Abu Dhabi's TAQA revenues fall 9% YoY to $1.08bn in Q1 2020
The transfer of ADPower’s water & power generation, transmission, and distribution assets is scheduled to close in Q3'20
The Abu Dhabi National Energy Company (TAQA) has reported a 9% year-on-year decline in Q1 2020 revenues to $1.09bn (AED4bn), reflecting a 21% drop in the price of oil and gas sold by the group, compared to the same period last year.
The group’s EBITDA fell 18% year-on-year to $517.29m (AED1.9bn) reflecting weaker revenues as well as higher operating expenses within the oil and gas business.
As a result of the significant and prolonged effects of COVID-19 on oil demand – and in line with its peers – the group reduced its 2020 and 2021 oil price assumptions, requiring a write down of the group’s carrying amounts of certain oil-specific assets with a post-tax, bottom-line impact of $408.38m (AED1.5bn).
The loss attributable to TAQA’s shareholders for Q1 2020 was $462.84m (AED1.7bn) driven by these impairment charges.

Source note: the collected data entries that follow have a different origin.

Lemma walk_in_mdg_meet p p' v : walk_in Es p -> walk_in Es p' ->
  List.In v (mdg_path p) -> List.In v (mdg_path p') -> whead p = whead p'.
Proof.
case: p => l q f s [Ein s_in]; case: p' => l' q' f' s' [Ein' s'_in].
move=> /mem_mdg_path v_p /mem_mdg_path v_p'; rewrite /= in Ein s_in Ein' s'_in.
case: v_p v_p' => [->|[pre [suf [/= s_eq ->]]]] [/= v_eq|[pre' [suf' [/= s'_eq v_eq]]]] //.
- have tails : VU n q = VU n q' := congr1 (fun v => if v is MU _ j _ then VU n j else VX m f) v_eq.
  have colors : l = l' := congr1 (fun v => if v is MU l0 _ _ then l0 else l) v_eq.
  have steps : map fst s = map fst s' := congr1 (fun v => if v is MU _ _ t then t else [::]) v_eq.
  have f_eq : f = f' := S_disjoint_head Sd Ein Ein' tails colors.
  by rewrite /whead /= -f_eq in s'_in *; rewrite (chain_in_inj Sd s_in s'_in steps).
- case: v_eq => y_eq steps.
  move: s_in s'_in; rewrite s_eq s'_eq => /chain_in_cat [_ suf_in] /chain_in_cat [_].
  rewrite -y_eq => suf'_in; rewrite /whead /= !map_cat !last_cat -y_eq.
  by rewrite (chain_in_inj Sd suf_in suf'_in steps).
Qed.

Lemma stem_cactus_walking Xs : (forall c, ~ is_cycle Es c) -> covers Vs Xs ->
  exists ps, gen_cactus_walking A B ps /\ cw_head_is ps Xs.
Proof.
move=> acyclic cover.
suff [ps [? ? _]] : exists ps, [/\ gen_cactus_walking A B ps, cw_head_is ps Xs &
    forall p, List.In p ps -> walk_in Es p /\ whead p = whead p] by exists ps.
apply: (cactus_walking_of_family (W := fun x p => walk_in Es p /\ whead p = x)).
- move=> x /cover Vx; have [[p walk]|[y [s [_ size_s s_in _]]]] := backward_chain Vx n.
    by exists p.
  have := ord_seq_not_uniq (s := y :: map snd s); rewrite /= size_map size_s ltnSn.
  by case/(_ isT)/(chain_in_repeat_cycle s_in) => [s1 [s2 [_ _ /acyclic]]].
- by move=> x p [/(walk_in_valid sub)].
- by move=> x x' p p' [Wp <-] [Wp' <-] heads_ne v [/(walk_in_mdg_meet Wp Wp') meet /meet].
Qed.

Section Bud.
Hypotheses (no_input : forall k (q : 'I_(m k)), ~ Vs (VU n q))
  (reach : forall x, Vs (VX m x) -> input_reachable A B x).
Variables (r0 : 'I_n) (cs : seq ('I_N * 'I_n)).
Hypotheses (cs_in : chain_in Es r0 cs) (cs_closed : last r0 (map snd cs) = r0)
  (cs_gt0 : 0 < size cs)
  (cs_unique : forall c, is_cycle Es c -> forall e, List.In e c -> List.In e (chain_edges m r0 cs)).

Lemma cycle_root : r0 \in map snd cs.
Proof. by move: cs_closed cs_gt0; case: cs => [|[c y] s] //= <- _; rewrite mem_last. Qed.

Lemma cycle_belast y : y \in belast r0 (map snd cs) -> y \in map snd cs.
Proof. by move/mem_belast; rewrite in_cons => /orP [/eqP ->|//]; apply: cycle_root. Qed.

Lemma cycle_step_back c y z : Es (SE m c y z) -> z \in map snd cs -> y \in map snd cs.
Proof.
move=> Ee /split_map_mem [s1 [[c' z'] [s2 [cs_eq /= z'_eq]]]]; subst z'.
have /chain_in_cat [_ [Ee' _]] : chain_in Es r0 (s1 ++ (c', z) :: s2) by rewrite -cs_eq.
have [_ _ Vz] := sub Ee.
have y_eq : y = last r0 (map snd s1).
  have [e [_ e_uniq]] := oi Vz.
  by have := etrans (esym (e_uniq _ (conj Ee erefl))) (e_uniq _ (conj Ee' erefl)); case.
have := mem_last r0 (map snd s1); rewrite -y_eq in_cons => /orP [/eqP ->|]; first exact: cycle_root.
by rewrite cs_eq map_cat mem_cat => ->.
Qed.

TAQA’s liquidity as at quarter-end remained strong at $3.24bn (AED11.9bn), including $707.8m (AED2.6bn) in cash and cash equivalents, and $2.53bn (AED9.3bn) of undrawn credit facilities.
Despite the challenging start to the year, TAQA is looking ahead and is well positioned to continue benefiting from stable revenue streams.
The transaction to transfer the majority of Abu Dhabi Power Corporation’s (ADPower) water and electricity generation, transmission and distribution assets to TAQA – which was approved earlier in April by TAQA’s shareholders – remains scheduled to close in Q3 2020.
Once the transaction completes, TAQA will be a Top-10 integrated utilities player in the EMEA region by regulated assets and one of the largest publicly listed companies in the UAE, based on market capitalisation.
TAQA will generate recurring, stable income, with more than 85% of its revenues and EBITDA coming from regulated and long-term contracted businesses, supplemented by oil and gas assets.
The Group will have a stronger long-term capital structure, which is expected to enable sustainable dividend distributions to shareholders, as well as the financial firepower for new investments, both to enhance efficiency and to expand through new ventures.
Commenting on the group’s Q1 2020 earnings, TAQA CEO Saeed Al Dhaheri said: “Our results continue to demonstrate the value of a stable power and water business in a low and volatile commodity price environment.
“Nonetheless, the advent of the COVID-19 pandemic has weakened demand across multiple sectors globally, impacting our results for the quarter, as for many others, with exposure to the oil and gas sector.
“As we look to close the landmark transaction with ADPower in the upcoming weeks, TAQA will not only become a fully integrated utility, but will benefit from the financial strength to lead the UAE’s power and water sector transformation.”